Aim of the exercise
All lines in the data bearing the string "addrC" should be identified and copied.

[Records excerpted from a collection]

--

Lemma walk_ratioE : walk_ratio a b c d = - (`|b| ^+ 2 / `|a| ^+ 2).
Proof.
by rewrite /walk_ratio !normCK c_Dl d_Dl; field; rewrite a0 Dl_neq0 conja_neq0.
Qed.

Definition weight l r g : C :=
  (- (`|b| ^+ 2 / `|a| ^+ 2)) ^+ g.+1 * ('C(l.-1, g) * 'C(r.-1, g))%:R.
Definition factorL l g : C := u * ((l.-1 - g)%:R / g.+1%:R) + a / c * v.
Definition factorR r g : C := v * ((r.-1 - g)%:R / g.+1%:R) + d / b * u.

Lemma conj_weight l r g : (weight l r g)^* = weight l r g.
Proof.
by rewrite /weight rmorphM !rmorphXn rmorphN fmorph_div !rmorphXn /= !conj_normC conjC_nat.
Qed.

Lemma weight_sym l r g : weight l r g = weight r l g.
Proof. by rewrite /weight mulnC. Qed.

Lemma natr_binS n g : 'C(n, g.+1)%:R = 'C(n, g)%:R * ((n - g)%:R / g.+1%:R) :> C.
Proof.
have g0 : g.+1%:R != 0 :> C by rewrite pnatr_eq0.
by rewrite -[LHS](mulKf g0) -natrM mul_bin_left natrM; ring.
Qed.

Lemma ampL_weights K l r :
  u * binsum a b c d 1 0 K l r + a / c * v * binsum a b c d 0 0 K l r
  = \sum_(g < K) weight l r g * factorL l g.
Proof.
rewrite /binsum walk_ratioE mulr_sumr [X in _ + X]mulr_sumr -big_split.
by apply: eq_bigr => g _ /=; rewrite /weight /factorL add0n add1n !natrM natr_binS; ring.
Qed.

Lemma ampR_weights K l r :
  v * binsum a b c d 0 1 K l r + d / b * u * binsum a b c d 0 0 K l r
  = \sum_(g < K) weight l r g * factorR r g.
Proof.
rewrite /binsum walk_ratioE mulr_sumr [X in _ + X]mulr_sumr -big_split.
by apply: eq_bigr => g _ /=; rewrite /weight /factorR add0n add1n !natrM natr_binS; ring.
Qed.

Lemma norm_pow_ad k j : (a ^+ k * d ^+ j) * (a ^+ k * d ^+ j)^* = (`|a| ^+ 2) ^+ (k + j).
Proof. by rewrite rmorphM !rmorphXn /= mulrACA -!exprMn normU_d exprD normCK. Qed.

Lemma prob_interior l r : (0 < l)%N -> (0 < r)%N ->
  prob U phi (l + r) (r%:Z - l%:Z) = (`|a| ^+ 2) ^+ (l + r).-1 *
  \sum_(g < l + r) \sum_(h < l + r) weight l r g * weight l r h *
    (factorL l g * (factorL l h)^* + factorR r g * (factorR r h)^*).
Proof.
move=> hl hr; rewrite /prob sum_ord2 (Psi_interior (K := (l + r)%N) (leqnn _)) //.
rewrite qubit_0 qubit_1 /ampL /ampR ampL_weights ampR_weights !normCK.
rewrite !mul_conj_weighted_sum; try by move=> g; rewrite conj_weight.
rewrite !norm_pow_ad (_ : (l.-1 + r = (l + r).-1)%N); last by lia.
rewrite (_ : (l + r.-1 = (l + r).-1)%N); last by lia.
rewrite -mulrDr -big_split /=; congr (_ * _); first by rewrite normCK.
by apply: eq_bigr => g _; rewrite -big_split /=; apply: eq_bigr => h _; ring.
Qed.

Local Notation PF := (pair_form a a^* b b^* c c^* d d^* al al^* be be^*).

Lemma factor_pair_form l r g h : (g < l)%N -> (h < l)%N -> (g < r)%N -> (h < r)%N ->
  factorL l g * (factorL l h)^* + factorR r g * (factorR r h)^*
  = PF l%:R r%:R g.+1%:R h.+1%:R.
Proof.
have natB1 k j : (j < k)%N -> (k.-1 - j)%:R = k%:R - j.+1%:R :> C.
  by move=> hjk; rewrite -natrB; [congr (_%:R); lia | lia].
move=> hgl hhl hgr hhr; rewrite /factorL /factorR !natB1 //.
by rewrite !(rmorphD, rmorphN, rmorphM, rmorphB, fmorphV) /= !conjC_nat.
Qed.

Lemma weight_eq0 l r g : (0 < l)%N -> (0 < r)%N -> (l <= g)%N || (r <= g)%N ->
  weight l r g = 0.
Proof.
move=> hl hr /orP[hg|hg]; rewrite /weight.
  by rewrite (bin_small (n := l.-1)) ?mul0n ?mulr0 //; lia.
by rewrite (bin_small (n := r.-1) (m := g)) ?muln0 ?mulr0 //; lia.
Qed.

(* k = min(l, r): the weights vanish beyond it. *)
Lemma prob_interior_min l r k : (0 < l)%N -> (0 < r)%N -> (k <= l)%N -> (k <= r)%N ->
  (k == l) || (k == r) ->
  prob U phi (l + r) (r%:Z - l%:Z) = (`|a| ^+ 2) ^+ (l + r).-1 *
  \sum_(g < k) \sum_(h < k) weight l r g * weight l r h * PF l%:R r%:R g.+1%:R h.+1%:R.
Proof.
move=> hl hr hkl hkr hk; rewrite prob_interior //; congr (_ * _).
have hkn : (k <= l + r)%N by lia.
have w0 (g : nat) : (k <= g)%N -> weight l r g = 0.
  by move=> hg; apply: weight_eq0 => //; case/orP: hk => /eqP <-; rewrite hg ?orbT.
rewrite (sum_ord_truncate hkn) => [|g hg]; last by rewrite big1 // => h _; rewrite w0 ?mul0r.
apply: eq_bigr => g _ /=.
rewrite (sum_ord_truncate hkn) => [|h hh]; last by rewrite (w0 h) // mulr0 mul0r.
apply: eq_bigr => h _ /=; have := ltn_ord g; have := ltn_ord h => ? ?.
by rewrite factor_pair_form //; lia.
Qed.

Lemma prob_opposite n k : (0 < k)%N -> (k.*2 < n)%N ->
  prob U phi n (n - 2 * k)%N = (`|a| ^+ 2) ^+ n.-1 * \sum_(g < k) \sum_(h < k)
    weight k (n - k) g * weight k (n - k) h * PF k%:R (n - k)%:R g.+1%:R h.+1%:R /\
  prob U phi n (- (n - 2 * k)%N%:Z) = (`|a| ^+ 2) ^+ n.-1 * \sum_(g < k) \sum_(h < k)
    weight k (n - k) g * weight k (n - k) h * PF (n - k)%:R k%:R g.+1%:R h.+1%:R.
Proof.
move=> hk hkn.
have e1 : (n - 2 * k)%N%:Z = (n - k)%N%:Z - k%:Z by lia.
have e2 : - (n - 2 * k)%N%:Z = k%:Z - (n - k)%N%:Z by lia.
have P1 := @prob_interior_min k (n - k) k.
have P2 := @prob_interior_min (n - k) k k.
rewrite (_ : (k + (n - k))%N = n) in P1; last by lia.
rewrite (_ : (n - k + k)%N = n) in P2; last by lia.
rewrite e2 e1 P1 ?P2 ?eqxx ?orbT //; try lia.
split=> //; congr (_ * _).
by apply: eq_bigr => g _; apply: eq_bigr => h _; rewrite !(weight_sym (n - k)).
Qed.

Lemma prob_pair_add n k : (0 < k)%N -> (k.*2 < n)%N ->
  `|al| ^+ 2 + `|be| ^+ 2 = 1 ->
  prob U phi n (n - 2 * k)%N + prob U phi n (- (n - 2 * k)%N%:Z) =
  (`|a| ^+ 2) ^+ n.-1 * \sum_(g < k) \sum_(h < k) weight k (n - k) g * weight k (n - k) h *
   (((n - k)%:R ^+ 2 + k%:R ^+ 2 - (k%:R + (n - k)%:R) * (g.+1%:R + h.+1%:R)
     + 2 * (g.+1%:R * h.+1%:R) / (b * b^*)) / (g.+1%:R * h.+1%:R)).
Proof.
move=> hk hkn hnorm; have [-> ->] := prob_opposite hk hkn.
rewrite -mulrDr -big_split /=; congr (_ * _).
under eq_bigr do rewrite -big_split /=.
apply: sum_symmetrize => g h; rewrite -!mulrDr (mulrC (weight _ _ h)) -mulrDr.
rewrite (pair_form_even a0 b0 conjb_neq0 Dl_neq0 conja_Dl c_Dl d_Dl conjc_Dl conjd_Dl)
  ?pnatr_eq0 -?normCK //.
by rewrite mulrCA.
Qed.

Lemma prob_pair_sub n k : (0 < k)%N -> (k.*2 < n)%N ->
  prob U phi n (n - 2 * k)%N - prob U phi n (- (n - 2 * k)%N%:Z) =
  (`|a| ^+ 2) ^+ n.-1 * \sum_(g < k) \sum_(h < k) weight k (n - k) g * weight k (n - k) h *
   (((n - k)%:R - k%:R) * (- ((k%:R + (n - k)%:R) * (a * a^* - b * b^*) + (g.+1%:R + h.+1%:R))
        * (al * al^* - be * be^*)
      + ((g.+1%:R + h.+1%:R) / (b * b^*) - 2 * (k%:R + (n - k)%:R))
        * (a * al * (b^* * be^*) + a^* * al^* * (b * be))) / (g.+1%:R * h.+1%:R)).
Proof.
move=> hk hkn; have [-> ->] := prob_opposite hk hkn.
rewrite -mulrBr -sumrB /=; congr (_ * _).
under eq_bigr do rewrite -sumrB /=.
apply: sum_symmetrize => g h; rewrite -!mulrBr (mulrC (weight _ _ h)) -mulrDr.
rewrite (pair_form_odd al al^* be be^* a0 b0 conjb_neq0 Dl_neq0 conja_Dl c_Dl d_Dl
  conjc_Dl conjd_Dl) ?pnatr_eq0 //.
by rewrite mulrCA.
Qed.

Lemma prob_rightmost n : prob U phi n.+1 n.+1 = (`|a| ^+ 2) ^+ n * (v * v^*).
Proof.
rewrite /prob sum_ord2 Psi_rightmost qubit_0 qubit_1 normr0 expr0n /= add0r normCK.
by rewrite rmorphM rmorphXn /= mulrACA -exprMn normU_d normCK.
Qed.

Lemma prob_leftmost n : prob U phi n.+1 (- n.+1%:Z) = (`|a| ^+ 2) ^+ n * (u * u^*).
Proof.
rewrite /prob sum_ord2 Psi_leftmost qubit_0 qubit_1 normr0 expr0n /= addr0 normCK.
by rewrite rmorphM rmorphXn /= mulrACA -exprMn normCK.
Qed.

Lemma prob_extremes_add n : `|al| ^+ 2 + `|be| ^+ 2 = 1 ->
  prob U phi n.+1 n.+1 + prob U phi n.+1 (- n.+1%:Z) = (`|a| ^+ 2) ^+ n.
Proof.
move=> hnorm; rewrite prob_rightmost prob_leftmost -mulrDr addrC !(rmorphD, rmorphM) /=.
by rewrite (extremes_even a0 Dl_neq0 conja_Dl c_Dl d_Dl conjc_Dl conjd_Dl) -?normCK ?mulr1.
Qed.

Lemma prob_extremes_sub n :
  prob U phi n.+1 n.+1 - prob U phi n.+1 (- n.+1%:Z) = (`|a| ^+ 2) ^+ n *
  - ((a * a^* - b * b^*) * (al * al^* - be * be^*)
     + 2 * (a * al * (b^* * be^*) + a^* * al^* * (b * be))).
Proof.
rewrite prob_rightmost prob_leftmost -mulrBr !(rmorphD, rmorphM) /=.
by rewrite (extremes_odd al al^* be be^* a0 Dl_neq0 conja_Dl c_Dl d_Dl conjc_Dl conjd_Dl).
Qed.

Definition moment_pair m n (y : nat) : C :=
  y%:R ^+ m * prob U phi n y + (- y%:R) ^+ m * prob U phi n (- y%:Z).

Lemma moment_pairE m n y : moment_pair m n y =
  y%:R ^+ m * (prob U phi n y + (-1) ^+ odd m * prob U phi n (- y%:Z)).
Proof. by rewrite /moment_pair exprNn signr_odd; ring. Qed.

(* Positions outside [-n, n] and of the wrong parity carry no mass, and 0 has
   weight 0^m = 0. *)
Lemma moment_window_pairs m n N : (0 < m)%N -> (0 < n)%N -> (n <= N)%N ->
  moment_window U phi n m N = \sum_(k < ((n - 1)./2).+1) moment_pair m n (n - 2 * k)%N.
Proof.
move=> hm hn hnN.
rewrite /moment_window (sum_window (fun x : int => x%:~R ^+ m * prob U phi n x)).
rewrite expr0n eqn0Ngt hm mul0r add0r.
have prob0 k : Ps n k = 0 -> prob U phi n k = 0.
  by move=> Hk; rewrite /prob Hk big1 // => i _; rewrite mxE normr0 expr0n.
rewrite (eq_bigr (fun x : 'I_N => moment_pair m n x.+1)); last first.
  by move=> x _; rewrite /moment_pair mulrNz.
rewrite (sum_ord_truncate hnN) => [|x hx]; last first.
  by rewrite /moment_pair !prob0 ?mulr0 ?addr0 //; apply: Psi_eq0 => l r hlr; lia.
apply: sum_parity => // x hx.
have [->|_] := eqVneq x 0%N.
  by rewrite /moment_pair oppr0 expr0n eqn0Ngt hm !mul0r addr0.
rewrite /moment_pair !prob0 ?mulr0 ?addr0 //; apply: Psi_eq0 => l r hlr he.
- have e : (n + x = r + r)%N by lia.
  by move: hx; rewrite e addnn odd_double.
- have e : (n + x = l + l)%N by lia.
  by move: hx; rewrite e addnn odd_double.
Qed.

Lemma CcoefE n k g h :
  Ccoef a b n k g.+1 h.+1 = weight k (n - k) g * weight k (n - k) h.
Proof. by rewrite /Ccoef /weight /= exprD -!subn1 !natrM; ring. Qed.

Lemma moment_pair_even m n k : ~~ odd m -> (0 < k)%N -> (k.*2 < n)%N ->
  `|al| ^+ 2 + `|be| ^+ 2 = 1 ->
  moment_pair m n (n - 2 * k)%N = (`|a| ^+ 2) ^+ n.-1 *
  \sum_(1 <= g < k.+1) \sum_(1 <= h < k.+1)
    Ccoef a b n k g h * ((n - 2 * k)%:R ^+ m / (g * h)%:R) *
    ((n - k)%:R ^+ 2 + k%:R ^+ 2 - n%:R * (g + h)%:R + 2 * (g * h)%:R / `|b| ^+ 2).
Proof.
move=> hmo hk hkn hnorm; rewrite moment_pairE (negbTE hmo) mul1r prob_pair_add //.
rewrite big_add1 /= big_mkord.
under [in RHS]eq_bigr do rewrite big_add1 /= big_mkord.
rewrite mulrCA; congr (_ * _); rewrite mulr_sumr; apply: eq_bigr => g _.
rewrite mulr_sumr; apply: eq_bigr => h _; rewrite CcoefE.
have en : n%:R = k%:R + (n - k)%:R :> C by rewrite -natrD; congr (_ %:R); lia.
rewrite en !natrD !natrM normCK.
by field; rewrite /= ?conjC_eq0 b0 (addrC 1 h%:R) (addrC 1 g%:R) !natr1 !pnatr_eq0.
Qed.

--

Solution to this task
move=> hnorm; rewrite prob_rightmost prob_leftmost -mulrDr addrC !(rmorphD, rmorphM) /=.
by field; rewrite /= ?conjC_eq0 b0 (addrC 1 h%:R) (addrC 1 g%:R) !natr1 !pnatr_eq0.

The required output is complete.